My entire life, I've never watched FRIENDS and been able to say, "I'm about their age." But, here I am. A twenty-something not far from the real world. I'm watching what will be the next stage in my life. Rachel leaves Barry at the alter and decides to reinvent herself in New York and live with Monica. Monica has her culinary career. Everybody in the show starts out pretty much single, considering Ross was just left by his wife and Chandler continues to break up with Janice. They're single, young people working to live on their own and living in apartments with roommates. This is when a few things came to mind.
1. Relationships. The show ran for 10 years.

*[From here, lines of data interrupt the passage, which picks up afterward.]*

Lemma derivation_sound L :
  derivation L -> forall c xs v, In (judgment (rcode c) (code_seq xs) v) L -> eval c xs v.
Proof.
  induction L as [|J L IH]; simpl; [tauto|].
  intros [HJ HL] c xs v [E|Hin]; [|apply IH; auto]. specialize (IH HL). subst J.
  destruct c.
  - apply justified_zero in HJ. subst. constructor.
  - apply justified_succ in HJ. destruct xs; [contradiction|]. subst. constructor.
  - apply justified_proj in HJ. subst. constructor.
  - apply justified_comp in HJ. destruct HJ as [ys [Hf [Hl Hgs]]].
    econstructor; [apply evals_nth|apply IH, Hf]; auto.
  - apply justified_prim in HJ. destruct xs as [|[|n] xs]; [contradiction|constructor; auto|].
    destruct HJ as [r [H1 H2]]. econstructor; apply IH; eauto.
  - apply justified_mu in HJ. destruct HJ as [H0 Hlt]. constructor; auto.
    intros z hz. destruct (Hlt z hz) as [k Hk]. exists k; auto.
Qed.

Lemma derivation_extend L J :
  derivation L -> justified L J = true -> exists L', derivation L' /\ In J L'.
Proof. intros. exists (J :: L). simpl. auto. Qed.

Lemma derivation_collect (Q : nat -> nat -> Prop) y :
  (forall z, z < y -> exists L, derivation L /\ exists J, Q z J /\ In J L) ->
  exists L, derivation L /\ forall z, z < y -> exists J, Q z J /\ In J L.
Proof.
  induction y as [|y IH]; intros H; [exists []; split; simpl; auto; lia|].
  destruct IH as [L1 [D1 H1]]; [intros; apply H; lia|].
  destruct (H y) as [L2 [D2 [J [HQ HJ]]]]; [lia|].
  exists (L1 ++ L2). split; [apply derivation_app; auto|].
  intros z hz. destruct (Nat.eq_dec z y) as [->|hne].
  - exists J. rewrite in_app_iff. auto.
  - destruct (H1 z) as [J' [HQ' HJ']]; [lia|]. exists J'. rewrite in_app_iff. auto.
Qed.

Lemma derivation_complete c xs v :
  eval c xs v -> exists L, derivation L /\ In (judgment (rcode c) (code_seq xs) v) L.
Proof.
  revert c xs v.
  apply (eval_ind_nested
    (fun c xs v => exists L, derivation L /\ In (judgment (rcode c) (code_seq xs) v) L)
    (fun gs xs ys => exists L, derivation L /\ length gs = length ys /\
       forall i, i < length gs ->
         In (judgment (rcode (nth i gs RZero)) (code_seq xs) (nth i ys 0)) L)).
  - intros xs. apply (derivation_extend []); [exact I|]. apply justified_zero. auto.
  - intros x xs. apply (derivation_extend []); [exact I|]. apply justified_succ. auto.
  - intros i xs. apply (derivation_extend []); [exact I|]. apply justified_proj. auto.
  - intros f gs xs ys v _ [L1 [D1 [Hl H1]]] _ [L2 [D2 H2]].
    apply (derivation_extend (L1 ++ L2)); [apply derivation_app; auto|].
    apply justified_comp. exists ys. rewrite in_app_iff. repeat split; auto.
    intros i hi. rewrite in_app_iff. auto.
  - intros f g xs v _ [L [D H]]. apply (derivation_extend L); auto. apply justified_prim. auto.
  - intros f g n xs r v _ [L1 [D1 H1]] _ [L2 [D2 H2]].
    apply (derivation_extend (L1 ++ L2)); [apply derivation_app; auto|].
    apply justified_prim. exists r. rewrite !in_app_iff. auto.
  - intros f xs y _ [L0 [D0 H0]] H.
    destruct (derivation_collect
      (fun z J => exists k, J = judgment (rcode f) (code_seq (z :: xs)) (S k)) y)
      as [L1 [D1 H1]].
    { intros z hz. destruct (H z hz) as [k [_ [L [D HL]]]].
      exists L. split; [exact D|]. eexists. split; [exists k; reflexivity|exact HL]. }
    apply (derivation_extend (L0 ++ L1)); [apply derivation_app; auto|].
    apply justified_mu. rewrite in_app_iff. split; auto.
    intros z hz. destruct (H1 z hz) as [J [[k ->] HJ]]. exists k. rewrite in_app_iff. auto.
  - intros xs. exists []. simpl. repeat split; auto. lia.
  - intros g gs xs y ys _ [L1 [D1 H1]] _ [L2 [D2 [Hl H2]]].
    exists (L1 ++ L2). split; [apply derivation_app; auto|]. simpl. split; [lia|].
    intros [|i] hi; rewrite in_app_iff; auto. right. apply H2. simpl in hi. lia.
Qed.

Definition code_exists (p : nat) (f : nat -> bool) : bool :=
  existsb (fun m => f (code_nth m p)) (seq 0 (code_len p)).

Lemma code_exists_seq L f : code_exists (code_seq L) f = existsb f L.
Proof.
  apply Bool.eq_iff_eq_true. unfold code_exists.
  rewrite code_len_seq, existsb_seq0, existsb_exists. split.
  - intros [m [hm Hf]]. rewrite code_nth_seq in Hf. exists (nth m L 0). split; auto.
    apply nth_In; auto.
  - intros [x [Hx Hf]]. destruct (In_nth L x 0 Hx) as [m [hm <-]].
    exists m. rewrite code_nth_seq. auto.
Qed.

Lemma just_check_code_seq L J : just_check (code_exists (code_seq L)) J = justified L J.
Proof.
  apply Bool.eq_iff_eq_true. unfold justified.
  split; apply just_check_mono; intros f g Hfg; rewrite ?code_exists_seq, !existsb_exists;
    intros [x [Hx Hf]]; eauto.
Qed.

Definition valid (d : nat) : bool :=
  forallb (fun k => just_check (code_exists (code_drop (S k) d)) (code_nth k d))
    (seq 0 (code_len d)).

Definition contains (d J : nat) : bool := code_exists d (fun J' => J' =? J).

Lemma derivation_nth L :
  derivation L <-> forall k, k < length L -> justified (skipn (S k) L) (nth k L 0) = true.
Proof.
  induction L as [|J L IH]; simpl; [split; auto; intros; lia|]. rewrite IH. split.
  - intros [HJ HL] [|k] hk; auto. apply HL. lia.
  - intros H. split; [apply (H 0); lia|]. intros k hk. apply (H (S k)). lia.
Qed.

Lemma valid_code_seq L : valid (code_seq L) = true <-> derivation L.
Proof.
  unfold valid. rewrite derivation_nth, code_len_seq, forallb_seq0.
  split; intros H k hk; specialize (H k hk);
    rewrite code_drop_seq, code_nth_seq, just_check_code_seq in *; auto.
Qed.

Although Monica and Chandler get married, Phoebe and Mike get married, Ross gets married several times (...and divorced several times...), and Rachel gets married only to end up in an annulment (face it, this just does not count), much of the show depicts their single lives, and they aren't getting married young. Everyone in my family has gotten married young, and everyone I'm surrounded by here at my ring-by-spring university is getting married young. I would never insult that or frown upon that. That is a personal decision and no one else's business. But for me personally, watching the early seasons of the show, I was realizing: I don't want to get married right when I get out of this stage in my life. I don't even know if I want to get married at all! Watching the characters with the mindset of "they're about my age" put it in perspective: when you get married, that single life, apartment with roommates, run around the city and do whatever you want stage of life is OVER. Over forever. Some people skip over it entirely! (Which, I repeat, is fine). For me, I'm not ready for that. I don't want that. I want that stage. I want to be single and do whatever I want.
2. Jobs. Nobody really knows what Chandler does. Ross, well, even though his job/degree is prestigious, it's off-the-wall, but it's what he loves. Monica does what she loves. Joey does what he loves. Phoebe is just running around living the life. And Rachel works to reinvent herself by going from waitressing to her fashion career. One thing that they mostly have in common is that they love their jobs. Someone once told me, "real people hate their jobs." If this is true, then I just don't want to be a "real person." I want to make enough money to independently support myself, but I want to do this by having a job that I enjoy. I am so looking forward to being a young professional. I love to work.
Those who know me also know that I love to travel (check out my new travel blog here). I was a smart kid growing up in school. I learned how to read when I was two years old. I made pretty good grades. There was always so much pressure on me to go to school, make good grades, get a degree, get more degrees, and just do something amazing with them to roll in the big bucks. I plan on this -- I really do. But I want more out of life.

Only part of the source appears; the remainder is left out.